## Task description
Output the lines below exactly, please, from the first line until the line with "Let near_Ls l", counting both.

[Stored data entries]
== Segment start ==
Let near_budget d : 0 < d -> near (fun y => budget y <= budget x + d).
Proof.
move=> d0; pose d' := d / (2 * a + 2).
have a2 : 0 < 2 * a + 2 by rewrite ltr_wpDl // mulr_ge0.
have d'0 : 0 < d' by rewrite divr_gt0.
have dd' : d' * (2 * a + 2) = d by rewrite /d' divfK // gt_eqF.
have C_cont : cont C := core_continuous_C hip hC hD1 Dx.
have id_cont : cont id := core_continuous_id C D1 x.
have := near_core_rip hip id_cont id_cont d'0.
move=> /near_core_and /(_ (near_core_rip hip C_cont C_cont d'0)).
move=> /near_core_and /(_ (near_core_rip hip (core_continuous_CC C D1 x)
  (core_continuous_rel_bounded hip hC hD1 Dx g_bounded) d'0)).
apply: near_coreW => y _ [[/=]]; rewrite !ler_norml => /andP[p1 p2] /andP[q1 q2] /andP[r1 r2].
have e z : cnorm2 ip C z = rip z z + rip (C z) (C z) by rewrite /cnorm2 !hnorm_sqr.
have : a * (rip y y + rip (C y) (C y)) <= a * (rip x x + rip (C x) (C x) + 2 * d').
  by apply: ler_wpM2l => //; lra.
rewrite /budget !e; lra.
Qed.

Let M := Num.sqrt (`|budget x| + 1).
Let M_ge0 : 0 <= M. Proof. exact: sqrtr_ge0. Qed.

Let near_Ls_bounded l : near (fun y => nrm (C (Ls l y)) <= M).
Proof.
apply: near_coreW (near_budget ltr01) => y Dy hB.
have := partial_le_budget l.+1 Dy; rewrite big_nat_recr //= => hl.
have sum0 : 0 <= \sum_(0 <= k < l) nrm (C (Ls k y)) ^+ 2 by apply: sumr_ge0 => k _; apply: sqr_ge0.
have M2 : M ^+ 2 = `|budget x| + 1 by rewrite sqr_sqrtr // addr_ge0.
apply: ler_of_sqr => //.
by rewrite M2; have := ler_norm (budget x); lra.
Qed.

Let near_Ls l eta : 0 < eta -> near (fun y => nrm (Ls l x - Ls l y) < eta).
Proof. exact: (core_continuous_rel_bounded hip hC hD1 Dx (Ls_bounded l)). Qed.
== Segment end ==
## Response for this exercise
Let near_budget d : 0 < d -> near (fun y => budget y <= budget x + d).
Proof.
move=> d0; pose d' := d / (2 * a + 2).
have a2 : 0 < 2 * a + 2 by rewrite ltr_wpDl // mulr_ge0.
have d'0 : 0 < d' by rewrite divr_gt0.
have dd' : d' * (2 * a + 2) = d by rewrite /d' divfK // gt_eqF.
have C_cont : cont C := core_continuous_C hip hC hD1 Dx.
have id_cont : cont id := core_continuous_id C D1 x.
have := near_core_rip hip id_cont id_cont d'0.
move=> /near_core_and /(_ (near_core_rip hip C_cont C_cont d'0)).
move=> /near_core_and /(_ (near_core_rip hip (core_continuous_CC C D1 x)
  (core_continuous_rel_bounded hip hC hD1 Dx g_bounded) d'0)).
apply: near_coreW => y _ [[/=]]; rewrite !ler_norml => /andP[p1 p2] /andP[q1 q2] /andP[r1 r2].
have e z : cnorm2 ip C z = rip z z + rip (C z) (C z) by rewrite /cnorm2 !hnorm_sqr.
have : a * (rip y y + rip (C y) (C y)) <= a * (rip x x + rip (C x) (C x) + 2 * d').
  by apply: ler_wpM2l => //; lra.
rewrite /budget !e; lra.
Qed.

Let M := Num.sqrt (`|budget x| + 1).
Let M_ge0 : 0 <= M. Proof. exact: sqrtr_ge0. Qed.

Let near_Ls_bounded l : near (fun y => nrm (C (Ls l y)) <= M).
Proof.
apply: near_coreW (near_budget ltr01) => y Dy hB.
have := partial_le_budget l.+1 Dy; rewrite big_nat_recr //= => hl.
have sum0 : 0 <= \sum_(0 <= k < l) nrm (C (Ls k y)) ^+ 2 by apply: sumr_ge0 => k _; apply: sqr_ge0.
have M2 : M ^+ 2 = `|budget x| + 1 by rewrite sqr_sqrtr // addr_ge0.
apply: ler_of_sqr => //.
by rewrite M2; have := ler_norm (budget x); lra.
Qed.

Let near_Ls l eta : 0 < eta -> near (fun y => nrm (Ls l x - Ls l y) < eta).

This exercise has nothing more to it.